Can I Use C++ To Process HTML?  
Author Message
vicarious





PostPosted: Visual C++ General, Can I Use C++ To Process HTML? Top

I really don't know any of the commands that deal with HTML in c++. Can anyone
tell me if this is even possible

Ok, say I know the URL of an HTML file from a website. I'll put this URL in the pointer URL.
Now is there a way that C++ can get this HTML file that contains the code for a web page from it's URL Like if the URL was microsoft.com, could it grab the HTML document that creates that page If that is possible could it search through the HTML file for a specific string

If this is possible, can someone please show me an example

thanks, Mark


Visual C++13  
 
 
Lord Zoltan





PostPosted: Visual C++ General, Can I Use C++ To Process HTML? Top

You can do it a number of ways.

At the lowest level, you can manually open a socket with winsock to the web server on port 80 and issue http get and post commands and the response string from the server will be the resulting html.

However, that's far too low-level for what you want. Looking through, it appears that CInternetSession and CInternetSession::OpenURL might be the best thing for you to use. That's if you are happy to use MFC.

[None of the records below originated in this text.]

Theorem lemma4p4 (B : finType) (I : Type) (ar : I -> nat)
  (opsB : forall i, ('I_(ar i) -> B) -> B) :
  #|B| = 3 -> malcev opsB ->
  exists (opsA : forall i, ('I_(ar i) -> 'I_3) -> 'I_3) (h : B -> 'I_3),
    bijective h /\
    (forall i (x : 'I_(ar i) -> B), h (opsB i x) = opsA i (fun k => h (x k))) /\
    ((is_monolith opsA full3 /\
      forall R : rel3, inv2 opsA R ->
        pp_definable (inv1 opsA)
          (fun Q => Q \in [:: phi; psi_ t2; psi'_ t0; psi'_ t1; psi'_ t2;
                             phi'0; phi'1; phi'2; phi'3; phi'4; phi'5]
                    /\ inv2 opsA Q) R)
     \/
     (is_monolith opsA (mu_ t2) /\
      forall R : rel3, inv2 opsA R ->
        pp_definable (inv1 opsA)
          (fun Q => Q \in [:: mu_ t2; rho_ t2; tau0; tau1; psi_ t2; psi'_ t2]
                    /\ inv2 opsA Q) R)).
Proof.
move=> cardB malcevB.
pose h (b : B) : 'I_3 := cast_ord cardB (enum_rank b).
pose g (i : 'I_3) : B := enum_val (cast_ord (esym cardB) i).
have hK : cancel h g by move=> b; rewrite /h /g cast_ordK enum_rankK.
have gK : cancel g h by move=> i; rewrite /h /g enum_valK cast_ordKV.
have [p pK normal] := exists_normal_labelling (transport opsB h g).
have phK : cancel (p \o h) (g \o p) by move=> b /=; rewrite pK hK.
have gpK : cancel (g \o p) (p \o h) by move=> i /=; rewrite gK pK.
exists (transport (transport opsB h g) p p), (p \o h).
split; first exact: Bijective phK gpK.
split; first by move=> i x; rewrite /= (transport_morph _ hK) (transport_morph _ pK).
have rect f : compatible (transport (transport opsB h g) p p) f -> rectangular f.
  move=> fC; apply/rectangularP => a b c d.
  exact: (transport_rectangular phK gpK malcevB fC).
case: normal => [muC | [nomu psiC]]; [right | left]; split.
- exact: monolith_mu2.
- by move=> R RC; rewrite -[R]rel_of_setK; apply: pp_definable_mu2.
- exact: monolith_full.
- by move=> R RC; rewrite -[R]rel_of_setK; apply: pp_definable_simple.
Qed.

Lookup the CInternetSession class on the msdn help, it's got a full explanation of the class and examples on how to use the various functions etc.

Hope this helps!


 
 
Sheng Jiang





PostPosted: Visual C++ General, Can I Use C++ To Process HTML? Top

If you just need to download a file from the Internet, you can use URLDownloadToFile. After that, you can use regular expressions to parse the file.

 
 
Simple Samples





PostPosted: Visual C++ General, Can I Use C++ To Process HTML? Top

As said previously, there are multiple solutions. I forget what most of them are. You should ask this question in an IE programming newsgroup; it is outside the scope of this forum. It is beneficial for you to ask in a forum in which people familiar with these questions will help you.

There are relevant samples provided with VC and/or the Platform SDK.

If you want to get the raw HTML file exactly as it looks, then you need to use something less common; I forget what it is. If you use the most common solution, then you will get stuff such as the images that are in the page, instead of the HTML that references the image. After downloading the file, you can use various functions to process the HTML. You should ask in a newsgroup or web site in which this question is relevant; the suggestion to parse the HTML using regular expressions is not likely to be suggested by anyone familiar with the extensive capabilities available to process HTML.